Services were privatized through generous no-bid contracts and the finances have been run into the ground. Nowhere is this more evident than in retirement security. In the 1990s, the Chicago teachers’ pension fund was the model of responsible funding. Then then mayor’s appointed board skipped a decade of pension payments creating a massive unfunded liability and driving the districts credit rating to junk status. Now, because of those short-sighted actions, a generation of children must sacrifice classroom resources while Chicagoans deal with tax increases to pay back those debts.
The parade of horribles goes on.
Students have been sexually abused, special education services denied and successive school district CEOs have either left in disgrace or under indictment.
All the while, concerns raised by parents and advocates by an appointed board answering only to the mayor.
The truth is, City Hall has had 26 years to make the case for denying democracy in CPS. It has, by every measure, failed.

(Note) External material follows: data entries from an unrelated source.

Definition reducedw (w : seq letter) : bool := sorted (fun a b => b != linv a) w.

Definition reduce (w : seq letter) : seq letter :=
  foldr (fun a acc => match acc with
                      | b :: rest => if b == linv a then rest else a :: acc
                      | [::] => [:: a] end) [::] w.

Lemma reduce_reduced w : reducedw (reduce w).
Proof.
elim: w => [|a w IH] //=.
move: IH; case: (reduce w) => [|b rest] //= Hr.
case: ifP => Hb; first exact: path_sorted Hr.
by rewrite /reducedw /= Hb Hr.
Qed.

Definition F3 := {w : seq letter | reducedw w}.
Definition F3_of (w : seq letter) : F3 := exist _ (reduce w) (reduce_reduced w).
Definition F3mul (u v : F3) : F3 := F3_of (proj1_sig u ++ proj1_sig v).
Definition F3inv (u : F3) : F3 := F3_of (rev (map linv (proj1_sig u))).

Definition gx : F3 := F3_of [:: (@Ordinal 3 0 isT, true)].
Definition gy : F3 := F3_of [:: (@Ordinal 3 1 isT, true)].
Definition gz : F3 := F3_of [:: (@Ordinal 3 2 isT, true)].

(* Positions in a rooted planar binary tree: sequences of moves from   *)
(* the root, false = left child, true = right child.                   *)

(* Farey tree.  A fraction a/b is the pair (a, b); 1/0 stands for oo.  *)
Definition frac := (nat * nat)%type.
Definition fvertex := (frac * frac * frac)%type.
Definition fadd (r s : frac) : frac := (r.1 + s.1, r.2 + s.2)%N.
Definition farey_root : fvertex := ((0, 1), (1, 1), (1, 0))%N.
Definition fleft (v : fvertex) : fvertex :=
  let: (r, t, s) := v in (r, fadd r t, t).
Definition fright (v : fvertex) : fvertex :=
  let: (r, t, s) := v in (t, fadd t s, s).
Definition fchild (v : fvertex) (m : bool) : fvertex :=
  if m then fright v else fleft v.
Definition farey_at (mv : seq bool) : fvertex := foldl fchild farey_root mv.

Definition wvertex := (F3 * F3 * F3)%type.
Definition word_root : wvertex := (gx, gy, gz).
Definition wleft (v : wvertex) : wvertex :=
  let: (a, b, c) := v in (a, F3mul (F3mul b c) (F3inv b), b).
Definition wright (v : wvertex) : wvertex :=
  let: (a, b, c) := v in (b, F3mul (F3mul (F3inv b) a) b, c).
Definition wchild (v : wvertex) (m : bool) : wvertex :=
  if m then wright v else wleft v.
Definition word_at (mv : seq bool) : wvertex := foldl wchild word_root mv.

(* The words omega_t.  For coprime p, q > 0, L is the segment from     *)
(* (0,0) to (q,p), parametrised as s |-> (q s, p s), s in [0,1].       *)
(* Each crossed edge is recorded as (num, den, letter) where num/den is *)
(* the parameter s of the intersection point.                          *)
(*  - horizontal edge [(i,j),(i+1,j)]: meets L in its relative interior *)
(*    iff p i < q j < p (i+1); parameter j/p; midpoint (i+1/2, j) is    *)
(*    strictly right of L iff q(2j) < p(2i+1).                          *)
(*  - vertical edge [(i,j),(i,j+1)]: iff q j < p i < q (j+1);           *)
(*    parameter i/q; midpoint (i, j+1/2) right iff q(2j+1) < p(2i).     *)
(*  - diagonal edge [(i,j+1),(i+1,j)]: iff                              *)
(*    (p+q) i < q (i+j+1) < (p+q)(i+1); parameter (i+j+1)/(p+q);        *)
(*    midpoint (i+1/2, j+1/2) right iff q(2j+1) < p(2i+1).              *)
(* A point of L is on the right of the oriented L iff q*Y - p*X < 0.   *)
(* Ranges: horizontal 0<=i<q, 0<=j<=p; vertical 0<=i<=q, 0<=j<p;      *)
(* diagonal 0<=i<q, 0<=j<p (any edge meeting L lies in [0,q]x[0,p]).  *)
Definition crossing := (nat * nat * letter)%type.

Definition mkletter (g : 'I_3) (notright : bool) : letter := (g, notright).

Definition horiz_crossings (p q : nat) : seq crossing :=
  flatten [seq [seq (j, p, mkletter (@Ordinal 3 0 isT) (p * (2 * i + 1) <= q * (2 * j)))
  | i <- iota 0 q & (p * i < q * j < p * i.+1)] | j <- iota 0 p.+1]%N.

Definition vert_crossings (p q : nat) : seq crossing :=
  flatten [seq [seq (i, q, mkletter (@Ordinal 3 2 isT) (p * (2 * i) <= q * (2 * j + 1)))
  | i <- iota 0 q.+1 & (q * j < p * i < q * j.+1)] | j <- iota 0 p]%N.

Definition diag_crossings (p q : nat) : seq crossing :=
  flatten [seq [seq (i + j + 1, p + q, mkletter (@Ordinal 3 1 isT) (p * (2 * i + 1) <= q * (2 * j + 1)))
  | i <- iota 0 q & ((p + q) * i < q * (i + j + 1) < (p + q) * i.+1)] | j <- iota 0 p]%N.

(* order along L: by the parameter num/den *)
Definition cross_le (c1 c2 : crossing) : bool :=
  (c1.1.1 * c2.1.2 <= c2.1.1 * c1.1.2)%N.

More than six years ago, I introduced legislation for an elected, representative school board. Over the years, many legitimate concerns have been raised. I’ve worked to address them through compromise and negotiated changes.
A citywide elected board president will receive substantial media attention, which will serve to educate voters about the current issues. Board members elected from 20 representative districts will ensure that every community of interest has a seat at the table and that community involvement matters more than money.
We added strict conflict of interest and revolving door prohibitions and eliminated pay for board members.
We gave a voice to the non-citizen community by creating an official advisory board and passing legislation to empower non-citizens in the process by strengthening Local School Councils.
Over the years, these provisions have been negotiated extensively with Democrats, Republicans and even Mayor Rahm Emanuel and Mayor Lori Lightfoot.
Most recently, when concerns were raised that a sudden change might cause instability, more concessions were made. Half the board would first be elected in 2024 with the full board elected in 2026.
It’s a long time to wait for those who have been fighting more than a decade for the same access to democracy available in every other school district. But it gives ample time to sort out finances and ensure that changes in governance don’t hurt student outcomes.
An elected board will not be perfect. But then neither is our Congress, General Assembly, City Council or any other school board.
An elected Chicago school board does not guarantee better finances, enrollment or student outcomes.
It simply gives voters an opportunity to have a voice in the future of their system of education, and the assurance they can hold board members accountable.
The greatest gift of democracy is the ability to choose your government.
It’s time the voters of Chicago had that same gift.